Re: [HACKERS] Parallel Hash take II

Поиск
Список
Период
Сортировка
От Thomas Munro
Тема Re: [HACKERS] Parallel Hash take II
Дата
Msg-id CAEepm=0XjazRX_bLCD7dSKwCQ+vS1Vczxbvpnj57U5aO7VhEWg@mail.gmail.com
обсуждение исходный текст
Ответ на Re: [HACKERS] Parallel Hash take II  (Andres Freund <andres@anarazel.de>)
Ответы Re: [HACKERS] Parallel Hash take II  (Andres Freund <andres@anarazel.de>)
Список pgsql-hackers
On Thu, Dec 14, 2017 at 11:45 AM, Andres Freund <andres@anarazel.de> wrote:
> +       bool            overflow;               /* Continuation of previous chunk? */
> +       char            data[FLEXIBLE_ARRAY_MEMBER];
> +} SharedTuplestoreChunk;
>
> Ah. I was thinking we could have the 'overflow' variable be an int,
> indicating the remaining length of the oversized tuple. That'd allow us
> to skip ahead to the end of the oversized tuple in concurrent processes
> after hitting it.

Right, that is a bit better as it avoids extra read-skip cycles for
multi-overflow-chunk cases.  Done that way.

> +                       if (accessor->write_pointer + accessor->sts->meta_data_size >=
> +                               accessor->write_end)
> +                               elog(ERROR, "meta-data too long");
>
> That seems more like an Assert than a proper elog? Given that we're
> calculating size just a few lines above...

It's an error because the logic is not smart enough to split the
optional meta-data and tuple size over multiple chunks.  I have added
comments there to explain.  That error can be reached by CALL
test_sharedtuplestore(1, 1, 1, 32756, 1), but 32755 is OK.  My goal
here is to support arbitrarily large tuples, not arbitrarily large
per-tuple meta-data, since for my use case I only need 4 bytes (a hash
value).  This could be improved if required by later features
(probably anyone wanting more general meta-data would want variable
sized meta-data anyway, whereas this is fixed, and it would also be
nice if oversized tuples didn't have to start at the beginning of a
new chunk).

I fixed two nearby fencepost bugs: I made the limit that triggers that
error smaller by size(uint32) and fixed a problem when small tuples
appear after an oversize tuple in a final overflow chunk (found by
hacking the test module to create mixtures of different sized tuples).

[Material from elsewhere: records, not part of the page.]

(* Let $\alpha\in\mathbb{R}^n$ be badly approximable with constant $D=D(\alpha)>0$, i.e. $\max_{1\le j\le n}\min_{a_j\in\mathbb{Z}}|p\alpha_j-a_j|\ge Dp^{-1/n}$ for all $p\in\mathbb{N}$, and let $f$ be a strictly convex norm on $\mathbb{R}^n$. Then there exist $w=w(D,f)\in\mathbb{N}$ and $\delta=\delta(D,f)>0$ such that for every $\nu\ge1$ there is a natural $j$ with $\nu\le j\le\nu+w$ and $$\Xi_{j+1}\notin B_f^{1+\delta}(\Xi_j),$$ where $\Xi_j=\xi_j/f(\xi_j)$, $\xi_j=\alpha p_j-a_j$, and $(p_j,a_j)$ is the $j$-th $f$-best simultaneous approximation to $\alpha$.
   Context: A norm $f$ here is a continuous function $\mathbb{R}^n\to\mathbb{R}_+$ with $f(x)=0\iff x=0$, $f(-x)=f(x)$, $f(tx)=tf(x)$ for $t\ge0$, and convex unit ball $B_f^1=\{y:f(y)\le1\}$ with $0$ in its interior; $f$ is strictly convex if $B_f^1$ is strictly convex (its boundary contains no line segments). $B_f^\lambda(a)=\{y: f(y-a)\le\lambda\}$. For $\alpha\in\mathbb{R}^n$, an $f$-best simultaneous approximation is an integer point $\tau=(p,a_1,\dots,a_n)\in\mathbb{Z}^{n+1}$ with $p\ge1$ such that $f(\alpha q-b)>f(\alpha p-a)$ for all $(q,b)\in\mathbb{Z}^{n+1}$ with $1\le q\le p-1$ and for all $(p,b)$ with $b\ne a$. They form a sequence $(p_\nu,a_\nu)$ with $p_1<p_2<\dots$. *)

From HB Require Import structures.
From mathcomp Require Import all_boot all_order all_algebra.
From mathcomp Require Import all_classical all_reals all_analysis.
Set Implicit Arguments. Unset Strict Implicit. Unset Printing Implicit Defensive.
Import Order.TTheory GRing.Theory Num.Theory.
Import numFieldNormedType.Exports.
Local Open Scope classical_set_scope.
Local Open Scope ring_scope.

Definition fball (R : realType) (n : nat) (f : 'rV[R]_n -> R) (lam : R) (a : 'rV[R]_n)
  : set 'rV[R]_n := [set y | f (y - a) <= lam].

Definition is_norm (R : realType) (n : nat) (f : 'rV[R]_n -> R) : Prop :=
  continuous f /\
  (forall x, 0 <= f x) /\
  (forall x, f x = 0 <-> x = 0) /\
  (forall x, f (- x) = f x) /\
  (forall (t : R) x, 0 <= t -> f (t *: x) = t * f x) /\
  (forall x y (t : R), fball f 1 0 x -> fball f 1 0 y -> 0 <= t <= 1 ->
      fball f 1 0 ((1 - t) *: x + t *: y)) /\
  nbhs (0 : 'rV[R]_n) (fball f 1 0).

Definition strictly_convex_norm (R : realType) (n : nat) (f : 'rV[R]_n -> R) : Prop :=
  is_norm f /\
  forall x y : 'rV[R]_n, x != y ->
    ~ (forall t : R, 0 <= t <= 1 ->
         (closure (fball f 1 0) `\` interior (fball f 1 0)) ((1 - t) *: x + t *: y)).

(* Distance from x to the nearest integer: min_{a in Z} |x - a|. *)
Definition distZ (R : realType) (x : R) : R :=
  Num.min (x - (Num.floor x)%:~R) ((Num.floor x + 1)%:~R - x).

Definition badly_approx (R : realType) (n : nat) (alpha : 'rV[R]_n) (D : R) : Prop :=
  forall p : nat, (1 <= p)%N ->
    D * ((p%:R : R) `^ (- (n%:R)^-1)) <=
      \big[Num.max/0]_(j < n) distZ ((p%:R : R) * alpha 0 j).

Definition xi (R : realType) (n : nat) (alpha : 'rV[R]_n) (p : nat) (a : 'rV[int]_n)
  : 'rV[R]_n := (p%:R : R) *: alpha - map_mx (fun z : int => z%:~R) a.

Definition best_approx (R : realType) (n : nat) (f : 'rV[R]_n -> R)
  (alpha : 'rV[R]_n) (p : nat) (a : 'rV[int]_n) : Prop :=
  (1 <= p)%N /\
  (forall (q : nat) (b : 'rV[int]_n), (1 <= q <= p - 1)%N ->
      f (xi alpha p a) < f (xi alpha q b)) /\
  (forall b : 'rV[int]_n, b != a -> f (xi alpha p a) < f (xi alpha p b)).

(* (P, A) (indexed from 1) is the sequence of all f-best approximations,
   listed with strictly increasing denominators p_1 < p_2 < ... *)
Definition best_approx_seq (R : realType) (n : nat) (f : 'rV[R]_n -> R)
  (alpha : 'rV[R]_n) (P : nat -> nat) (A : nat -> 'rV[int]_n) : Prop :=
  (forall j, (1 <= j)%N -> best_approx f alpha (P j) (A j)) /\
  (forall j, (1 <= j)%N -> (P j < P j.+1)%N) /\
  (forall p a, best_approx f alpha p a -> exists2 j, (1 <= j)%N & P j = p /\ A j = a).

> +                       if (accessor->sts->meta_data_size > 0)
> +                               memcpy(accessor->write_pointer, meta_data,
> +                                          accessor->sts->meta_data_size);
> +                       written = accessor->write_end - accessor->write_pointer -
> +                               accessor->sts->meta_data_size;
> +                       memcpy(accessor->write_pointer + accessor->sts->meta_data_size,
> +                                  tuple, written);
>
> Also, shouldn't the same Assert() be here as well if you have it above?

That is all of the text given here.